Aspen on the Hill: A Bowl rat returns

I never imagined I’d go a winter without hiking Highland Bowl, until it almost happened.

Yes, despite the sublime snow conditions and my junior varsity-level day count somewhere around 80, my first 2018-19 bowl lap didn’t come until Sunday as the final days of the season ticked down.

I can make time to snowboard almost every day, but rarely these days enough time for the Bowl (which, at my pace, is a two-hour round-trip from downtown on the bus to Highlands, up and down the Bowl and back). Nearly all of my weekend ski days this year were on Ajax — where my toddler daughter can play at the Sundeck and my wife and I can trade off skiing — and most weekdays, too, when I can pop out of the newsroom for an hour’s break.
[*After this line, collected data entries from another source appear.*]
(* Let $c\ge\sqrt2$ and fix $\lambda\in(0,1]$. There do not exist a treasure hunt algorithm with advice and a constant $C>0$ such that, for every regular terrain (with respect to $c$), every initial agent position $p$ and every treasure position $q$ with treasure accessibility $\lambda$, the advice given by the oracle has length less than $\frac12\log_2(L/\lambda)$ and the agent sees the treasure at cost at most $C\cdot L$, where $L$ is the length of a shortest path in the terrain from $p$ to $q$. In other words, accomplishing treasure hunt at cost $O(L)$ in regular terrains requires advice of size $\Omega(\log(L/\lambda))$.
   Context: Model. A terrain is $\mathcal{T}=P_0\setminus(P_1\cup\dots\cup P_k)$, where $P_0$ is a closed polygon and the obstacles $P_1,\dots,P_k$ are pairwise disjoint open polygons in the interior of $P_0$. The treasure is an interior point $q$ of $\mathcal{T}$; the agent is a point starting at $p\in\mathcal{T}$, with a compass and unit of length, moving along polygonal lines in $\mathcal{T}$ (free moves interrupted detectably upon hitting the boundary, and boundary moves along the boundary). An agent at $a$ sees $b$ if the segment $ab$ lies in $\mathcal{T}$ and has length at most $1$. The agent initially knows neither the terrain nor $q$. A treasure hunt algorithm with advice: an oracle knowing $\mathcal{T}$, $p$ and $q$ gives the agent a binary string (advice) before it starts; the agent's deterministic algorithm uses this string. The cost is the length of the agent's trajectory until it first sees the treasure. The accessibility of the treasure is $\lambda=\min(1,\rho)$, $\rho$ being the largest radius of a disc centered at $q$ contained in $\mathcal{T}$. A polygon is $c$-fat if the ratio of the radius of the smallest disc containing it to the radius of the largest disc contained in it is at most $c$; a terrain is regular if $P_0$ is convex and all obstacles are convex and $c$-fat. *)

From Stdlib Require Import Reals Lra List.
Open Scope R_scope.

Definition point := (R * R)%type.
Definition padd (a b : point) : point := (fst a + fst b, snd a + snd b).
Definition psub (a b : point) : point := (fst a - fst b, snd a - snd b).
Definition pscale (t : R) (a : point) : point := (t * fst a, t * snd a).
Definition pzero : point := (0, 0).
Definition dist (a b : point) : R :=
  sqrt ((fst a - fst b) ^ 2 + (snd a - snd b) ^ 2).

Definition log2 (x : R) : R := ln x / ln 2.

Fixpoint sumR (w : list R) : R :=
  match w with nil => 0 | a :: w' => a + sumR w' end.

Fixpoint combo (w : list R) (l : list point) : point :=
  match w, l with
  | a :: w', y :: l' => padd (pscale a y) (combo w' l')
  | _, _ => pzero
  end.

Definition in_hull (l : list point) (x : point) : Prop :=
  exists w : list R, length w = length l /\ Forall (fun a => 0 <= a) w /\
    sumR w = 1 /\ x = combo w l.

Definition pinterior (S : point -> Prop) (x : point) : Prop :=
  exists r, 0 < r /\ forall y, dist x y < r -> S y.

Definition closed_cpoly (l : list point) : point -> Prop := in_hull l.
Definition open_cpoly (l : list point) : point -> Prop := pinterior (in_hull l).
Definition nondegenerate (l : list point) : Prop := exists x, open_cpoly l x.

(* P0 = closed convex polygon tP0, obstacles = open convex polygons tObs. *)
Record terrain := Terrain { tP0 : list point; tObs : list (list point) }.

Definition in_terrain (T : terrain) (x : point) : Prop :=
  closed_cpoly (tP0 T) x /\ Forall (fun O => ~ open_cpoly O x) (tObs T).

Definition wf_terrain (T : terrain) : Prop :=
  nondegenerate (tP0 T) /\
  Forall nondegenerate (tObs T) /\
  Forall (fun O => forall x, open_cpoly O x -> pinterior (closed_cpoly (tP0 T)) x)
    (tObs T) /\
  (forall i j, (i < j < length (tObs T))%nat -> forall x,
     ~ (open_cpoly (nth i (tObs T) nil) x /\ open_cpoly (nth j (tObs T) nil) x)).

Definition min_enclosing_radius (S : point -> Prop) (R0 : R) : Prop :=
  (exists z, forall x, S x -> dist z x <= R0) /\
  (forall z R1, (forall x, S x -> dist z x <= R1) -> R0 <= R1).

Definition max_inscribed_radius (S : point -> Prop) (r0 : R) : Prop :=
  (exists z, forall x, dist z x < r0 -> S x) /\
  (forall z r1, (forall x, dist z x < r1 -> S x) -> r1 <= r0).

Definition c_fat (c : R) (S : point -> Prop) : Prop :=
  exists R0 r0, min_enclosing_radius S R0 /\ max_inscribed_radius S r0 /\
    R0 / r0 <= c.

(* regular terrain w.r.t. c: P0 convex, obstacles convex (automatic here,
   polygons are convex hulls) and c-fat *)
Definition regular (c : R) (T : terrain) : Prop :=
  wf_terrain T /\ Forall (fun O => c_fat c (open_cpoly O)) (tObs T).

Definition seg_in (T : terrain) (a b : point) : Prop :=
  forall t, 0 <= t <= 1 -> in_terrain T (padd a (pscale t (psub b a))).

Definition sees (T : terrain) (a b : point) : Prop :=
  seg_in T a b /\ dist a b <= 1.

Definition max_free_radius (T : terrain) (q : point) (rho : R) : Prop :=
  (forall x, dist q x <= rho -> in_terrain T x) /\
  (forall r, (forall x, dist q x <= r -> in_terrain T x) -> r <= rho).

Definition accessibility (T : terrain) (q : point) (lam : R) : Prop :=
  exists rho, max_free_radius T q rho /\ lam = Rmin 1 rho.

Fixpoint ppath (T : terrain) (a : point) (l : list point) (b : point) : Prop :=
  match l with
  | nil => seg_in T a b
  | x :: l' => seg_in T a x /\ ppath T x l' b
  end.

Fixpoint plen (a : point) (l : list point) (b : point) : R :=
  match l with
  | nil => dist a b
  | x :: l' => dist a x + plen x l' b
  end.

Definition shortest_length (T : terrain) (p q : point) (L : R) : Prop :=
  (exists l, ppath T p l q /\ plen p l q = L) /\
  (forall l, ppath T p l q -> L <= plen p l q).

Definition advice := list bool.
Definition oracle := terrain -> point -> point -> advice.
(* Given the advice, the terrain and the start p, the agent's trajectory,
   in coordinates relative to p, parametrized by arc length (time s >= 0). *)
Definition algorithm := advice -> terrain -> point -> (R -> point).

Definition unit_speed_polygonal (g : R -> point) : Prop :=
  g 0 = pzero /\
  exists tau : nat -> R, tau 0%nat = 0 /\
    (forall i, tau i < tau (S i)) /\
    (forall M, exists i, M <= tau i) /\
    (forall i, dist (g (tau i)) (g (tau (S i))) = tau (S i) - tau i) /\
    (forall i s, tau i <= s <= tau (S i) ->
       g s = padd (g (tau i))
               (pscale ((s - tau i) / (tau (S i) - tau i))
                       (psub (g (tau (S i))) (g (tau i))))).

(* what the agent perceives at relative position x: the set of points it
   sees, in coordinates relative to the start p *)
Definition perceived (T : terrain) (p x y : point) : Prop :=
  sees T (padd p x) (padd p y).

Definition valid_algorithm (c : R) (A : algorithm) : Prop :=
  (forall a T p, regular c T -> in_terrain T p ->
     unit_speed_polygonal (A a T p) /\
     forall s, 0 <= s -> in_terrain T (padd p (A a T p s))) /\
  (* determinism: the trajectory up to time t depends only on the advice
     and on what was perceived along it up to time t *)
  (forall a T1 p1 T2 p2 t, regular c T1 -> in_terrain T1 p1 ->
     regular c T2 -> in_terrain T2 p2 -> 0 <= t ->
     (forall s, 0 <= s <= t -> forall y,
        perceived T1 p1 (A a T1 p1 s) y <-> perceived T2 p2 (A a T1 p1 s) y) ->
     forall s, 0 <= s <= t -> A a T2 p2 s = A a T1 p1 s).

(* Put the treasure q at one of K^2 points of a grid of spacing 8, at distance L = Theta(K)
   from the start, in a large empty square room with a small square obstacle at distance lam
   to the right of q. Until the agent comes within distance 3 of q it cannot tell this
   terrain from the empty room, so the empty-room trajectory selected by the advice passes
   within 3 of q before time C L <= 18 C K. Advice shorter than (1/2) log2 (L / lam) < m
   selects one of fewer than 2^m trajectories, and a unit-speed trajectory passes within 3
   of at most T + 1 grid points up to time T. Hence K^2 <= 2^m (18 C K + 1), which fails
   for K = 2^m e with e > 18 C + 1. *)

From Stdlib Require Import Reals List Lra Lia ZArith Classical ClassicalEpsilon.
From Stdlib Require Rgeom.
Open Scope R_scope.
For most of my dozen winters in Aspen, though, Highlands and the Bowl were my go-to. I was fully immersed in the Bowl rat’s routine of recognizing folks at the peak and knowing the intricacies of the conditions from Hyde Park to the North Woods. My wife and I hiked the Bowl on our first date. I’ve dragged many visiting flatlander friends up there, leaving them with scorched lungs and a story they’ve now been telling for years. On Saturdays and Sundays when the snow was fresh and the wind was sub-apocalyptic, it’d be a full day of Bowl laps until my legs turned to quivering mousse.

Even in my first season here, when I could barely link turns and had a total of no more than two dozen lifetime days of snowboarding under my belt, I once wheezed my way up and then tumbled my way down the gut of the Bowl, drawn to my ill-advised first lap by the slobbering tales of the epic Highland Bowl by my far more hardcore co-workers.

But the thing is: I don’t remember the details of the countless routine Bowl laps in the years since. I took them for granted, and lost them to the overabundance of hikes and descents in my memory bank. During Sunday’s lap, on a clear and chilly day with scant crowds and chalky snow, I was grateful for every step up and each turn down as I dropped into the trees between G-4 and G-5. This one I’ll remember.